● Activity
Could you find every line in the records below that contains the word "finType" and copy it?

******************************

Lemma edge_polarization (a1 a2 b1 b2 s : 'rV[R]_n) :
  dotv (a1 - b2) (s - a1) - dotv (b1 - a2) (s - a2)
  = dotv (b1 - s) (b2 - s) - dotv (a1 - s) (a2 - s) - dotv (a1 - b1) (a2 - b2)
    - sqnorm (a1 - a2).
Proof.
rewrite /sqnorm !dotvBl !dotvBr ?(dotvC a2 a1) ?(dotvC b1 a1) ?(dotvC b2 a1) ?(dotvC s a1)
  ?(dotvC b1 a2) ?(dotvC b2 a2) ?(dotvC s a2) ?(dotvC b2 b1) ?(dotvC s b1) ?(dotvC s b2).
ring.
Qed.

(* The Jacobi (parallel) x-update sees the neighbours' old values; summed over
   the nodes, this mismatch is exactly the [rho (D - A^T A)] part of [G1^dagger]. *)
Lemma jacobi_coupling (rho : R) (P : 'I_N -> 'M[R]_n) (Wk Wn Ws : 'I_N -> 'rV[R]_n) :
  (forall i, (P i)^T = P i) -> (forall p, Aop e Ws p = 0) ->
  \sum_i dotv (rho *: ATop e (Aop e (upd Wk i (Wn i))) i + (Wn i - Wk i) *m P i)
              (Ws i - Wn i)
  = (G1dag_q e rho P (fun i => Wk i - Ws i) - G1dag_q e rho P (fun i => Wn i - Ws i)
     - G1dag_q e rho P (fun i => Wn i - Wk i)) / 2 - rho * sqnormE e (Aop e Wn).
Proof.
move=> P_sym feas.
have Ws_edge (p : edge e) : Ws (val p).2 = Ws (val p).1.
  by apply/esym/eqP; rewrite -subr_eq0; apply/eqP/feas.
have edgesE : \sum_p (dotv (Aop e (upd Wk (val p).1 (Wn (val p).1)) p) (Ws (val p).1 - Wn (val p).1)
                   - dotv (Aop e (upd Wk (val p).2 (Wn (val p).2)) p) (Ws (val p).2 - Wn (val p).2))
  = \sum_(p : edge e) dotv (Wk (val p).1 - Ws (val p).1) (Wk (val p).2 - Ws (val p).2)
  - \sum_(p : edge e) dotv (Wn (val p).1 - Ws (val p).1) (Wn (val p).2 - Ws (val p).2)
  - \sum_(p : edge e) dotv (Wn (val p).1 - Wk (val p).1) (Wn (val p).2 - Wk (val p).2)
  - sqnormE e (Aop e Wn).
  rewrite /sqnormE -!sumrB; apply: eq_bigr => p _.
  by rewrite Aop_upd_fst Aop_upd_snd !Ws_edge edge_polarization.
have nodesE : \sum_i dotv ((Wn i - Wk i) *m P i) (Ws i - Wn i)
  = (\sum_i qf (P i) (Wk i - Ws i) - \sum_i qf (P i) (Wn i - Ws i)
     - \sum_i qf (P i) (Wn i - Wk i)) / 2.
  rewrite -!sumrB mulr_suml; apply: eq_bigr => i _.
  have := qf_three_point (Wn i) (Wk i) (Ws i) (P_sym i).
  rewrite dotvBrC; lra.
under eq_bigr do rewrite dotvDl dotvZl.
rewrite big_split /= -mulr_sumr sum_dotv_ATop edgesE nodesE !G1dag_qE; lra.
Qed.
Definition default_strategy : {set A} -> option A -> R := fun _ a => (a == None)%:R.

Lemma default_strategyP : is_strategy default_strategy.
Proof.
move=> t; split=> [a|]; first by rewrite ler0n.
by rewrite sum_option big1 ?addr0.
Qed.

Lemma game_value1_ge (S : finType) (P : S -> R) T1 T2 M sg1 b :
  is_pmf P -> is_policy M -> is_strategy sg1 ->
  (forall sg2, is_strategy sg2 -> b <= exp_payoff P T1 T2 M Ag1 sg1 sg2) ->
  b <= game_value P T1 T2 M Ag1.
Proof.
move=> P_pmf M_pol; apply: guarantee_le_sup_inf default_strategyP _ => sg sg' ? ?.
exact: exp_payoff_bounds.
Qed.

Lemma game_value2_ge (S : finType) (P : S -> R) T1 T2 M sg2 b :
  is_pmf P -> is_policy M -> is_strategy sg2 ->
  (forall sg1, is_strategy sg1 -> b <= exp_payoff P T1 T2 M Ag2 sg1 sg2) ->
  b <= game_value P T1 T2 M Ag2.
Proof.
move=> P_pmf M_pol; apply: guarantee_le_sup_inf default_strategyP _ => sg sg' ? ?.
exact: exp_payoff_bounds.
Qed.

Definition swap_policy M : agent -> option A -> option A -> R :=
  fun i a1 a2 => M (if i is Ag1 then Ag2 else Ag1) a2 a1.

Lemma swap_policyP M : is_policy M -> is_policy (swap_policy M).
Proof.
move=> [M01 M_sum]; split=> [i a1 a2|a1 a2]; first exact: M01.
by rewrite /swap_policy addrC M_sum.
Qed.

Lemma exp_payoff_swap (S : finType) (P : S -> R) T1 T2 M sg1 sg2 :
  exp_payoff P T1 T2 M Ag2 sg1 sg2 = exp_payoff P T2 T1 (swap_policy M) Ag1 sg2 sg1.
Proof.
apply: eq_bigr => s _; rewrite exchange_big; congr (_ * _).
apply: eq_bigr => a2 _; apply: eq_bigr => a1 _.
by rewrite [sg2 _ _ * _]mulrC /payoff; case: available; case: available.
Qed.

Lemma swap_policy_mean M q y :
  is_policy M -> is_pmf q ->
  \sum_a q a * swap_policy M Ag1 a y = 1 - \sum_a M Ag1 y a * q a.
Proof.
move=> [_ M_sum] [_ q_sum]; rewrite -q_sum -sumrB; apply: eq_bigr => a _.
rewrite /swap_policy; have -> : M Ag2 y a = 1 - M Ag1 y a by rewrite -(M_sum y a) addrC addKr.
by rewrite mulrBr mulr1 mulrC.
Qed.

Definition restrict_strategy (q : option A -> R) (t : {set A}) (a : option A) : R :=
  if a is Some b then (b \in t)%:R * q a else 1 - \sum_(b in t) q (Some b).

Lemma pmf_mass_None_le1 (q : option A -> R) (t : {set A}) :
  is_pmf q -> q None + \sum_(b in t) q (Some b) <= 1.
Proof.
move=> [q_ge0 q_sum]; rewrite -q_sum sum_option lerD2l big_mkcond /=.
by apply: ler_sum => b _; case: ifP.
Qed.

Lemma restrict_strategyP q : is_pmf q -> is_strategy (restrict_strategy q).
Proof.
move=> q_pmf t; have [q_ge0 _] := q_pmf; split=> [[b|]|] /=.
- by rewrite mulr_ge0 ?ler0n.
- by have := pmf_mass_None_le1 t q_pmf; have := q_ge0 None; lra.
rewrite sum_option /= [X in _ + X](_ : _ = \sum_(b in t) q (Some b)) ?subrK //.
by rewrite [RHS]big_mkcond; apply: eq_bigr => b _; case: ifP; rewrite ?mul1r ?mul0r.
Qed.

Lemma restrict_strategy_unavailable q t a :
  ~~ available t a -> restrict_strategy q t a = 0.
Proof. by case: a => [b /negbTE /= ->|//]; rewrite mul0r. Qed.

Section Informed.
Variables (S : finType) (P : S -> R) (T : S -> {set A}) (X : R).
Hypotheses (P_pmf : is_pmf P) (X_ge0 : 0 <= X) (X_le1 : X <= 1).
Hypothesis T_cover : forall b, X <= \sum_s P s * (b \in T s)%:R.

Lemma restrict_strategy_mean q a :
  is_pmf q -> X * q a <= \sum_s P s * restrict_strategy q (T s) a.
Proof.
move=> q_pmf; have [P_ge0 P_sum] := P_pmf; have [q_ge0 _] := q_pmf.
case: a => [b|] /=.
  under eq_bigr do rewrite mulrA.
  by rewrite -mulr_suml; apply: ler_wpM2r (T_cover b).
apply: (@le_trans _ _ (q None)); first exact: ler_piMl.
rewrite -[q None]mul1r -P_sum mulr_suml; apply: ler_sum => s _.
apply: ler_wpM2l => //; have := pmf_mass_None_le1 (T s) q_pmf; lra.
Qed.

Lemma exp_payoff_restrict M q sg2 :
  exp_payoff P T (fun=> [set: A]) M Ag1 (restrict_strategy q) sg2 =
  \sum_y sg2 [set: A] y *
    \sum_a (\sum_s P s * restrict_strategy q (T s) a) * M Ag1 a y.
Proof.
have pay s a y : restrict_strategy q (T s) a * payoff M (T s) [set: A] Ag1 a y =
                 restrict_strategy q (T s) a * M Ag1 a y.
  rewrite /payoff; have -> : available [set: A] y by case: y => // y; rewrite /= inE.
  case: (boolP (available (T s) a)) => [//|].
  by move/restrict_strategy_unavailable ->; rewrite !mul0r.
rewrite /exp_payoff.
transitivity (\sum_s \sum_y \sum_a
               sg2 [set: A] y * (P s * restrict_strategy q (T s) a * M Ag1 a y)).
  apply: eq_bigr => s _; rewrite exchange_big mulr_sumr; apply: eq_bigr => y _.
  by rewrite mulr_sumr; apply: eq_bigr => a _; rewrite mulrAC pay; ring.
rewrite exchange_big; apply: eq_bigr => y _; rewrite exchange_big mulr_sumr.
by apply: eq_bigr => a _; rewrite mulr_suml mulr_sumr.
Qed.

Lemma informed_guarantee M q b :
  (forall a y, 0 <= M Ag1 a y) -> is_pmf q -> (forall y, b <= \sum_a q a * M Ag1 a y) ->
  forall sg2, is_strategy sg2 ->
  X * b <= exp_payoff P T (fun=> [set: A]) M Ag1 (restrict_strategy q) sg2.
Proof.
move=> M_ge0 q_pmf b_le sg2 sg2_strat; have [sg2_ge0 sg2_sum] := sg2_strat [set: A].
rewrite exp_payoff_restrict -[X * b]mul1r -sg2_sum mulr_suml.
apply: ler_sum => y _; apply: ler_wpM2l => //.
apply: (@le_trans _ _ (X * \sum_a q a * M Ag1 a y)); first exact: ler_wpM2l.
rewrite mulr_sumr; apply: ler_sum => a _; rewrite mulrA.
exact: ler_wpM2r (restrict_strategy_mean a q_pmf).
Qed.

End Informed.
End Games.

Section Window.
Variables (R : realType) (k n : nat).

Definition window (s : 'I_k.+1) : {set 'I_k.+1} := [set a | (val (a - s)%R < n)%N].

Lemma card_initial_segment : (n <= k.+1)%N -> #|[set d : 'I_k.+1 | (val d < n)%N]| = n.
Proof.
move=> n_le; rewrite -sum1_card (eq_bigl (fun d : 'I_k.+1 => (d < n)%N)) => [|d].
  by rewrite big_ord_narrow // sum_nat_const card_ord muln1.
by rewrite inE.
Qed.

Lemma card_window s : (n <= k.+1)%N -> #|window s| = n.
Proof.
move=> n_le; have -> : window s = (fun a => a - s) @^-1: [set d | (val d < n)%N].
  by apply/setP => a; rewrite !inE.
by rewrite card_preimset ?card_initial_segment //; exact: subIr.
Qed.

Lemma window_count (a : 'I_k.+1) :
  (n <= k.+1)%N -> \sum_s ((a \in window s)%:R : R) = n%:R.
Proof.
move=> n_le; have sub_inj : injective (fun s : 'I_k.+1 => a - s).
  by move=> s s' /addrI /oppr_inj.
suff -> : \sum_s ((a \in window s)%:R : R) =
          #|(fun s => a - s) @^-1: [set d | (val d < n)%N]|%:R.
  by rewrite card_preimset ?card_initial_segment.
rewrite -sum1_card natr_sum [RHS]big_mkcond /=.
by apply: eq_bigr => s _; rewrite !inE; case: ifP.
Qed.

Lemma uniform_window_mass (a : 'I_k.+1) :
  (n <= k.+1)%N -> \sum_s (uniform s : R) * (a \in window s)%:R = n%:R / k.+1%:R.
Proof. by move=> n_le; rewrite -mulr_sumr window_count // /uniform card_ord mulrC. Qed.

End Window.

******************************

● Exercise result
Lemma game_value1_ge (S : finType) (P : S -> R) T1 T2 M sg1 b :
Lemma game_value2_ge (S : finType) (P : S -> R) T1 T2 M sg2 b :
Lemma exp_payoff_swap (S : finType) (P : S -> R) T1 T2 M sg1 sg2 :
Variables (S : finType) (P : S -> R) (T : S -> {set A}) (X : R).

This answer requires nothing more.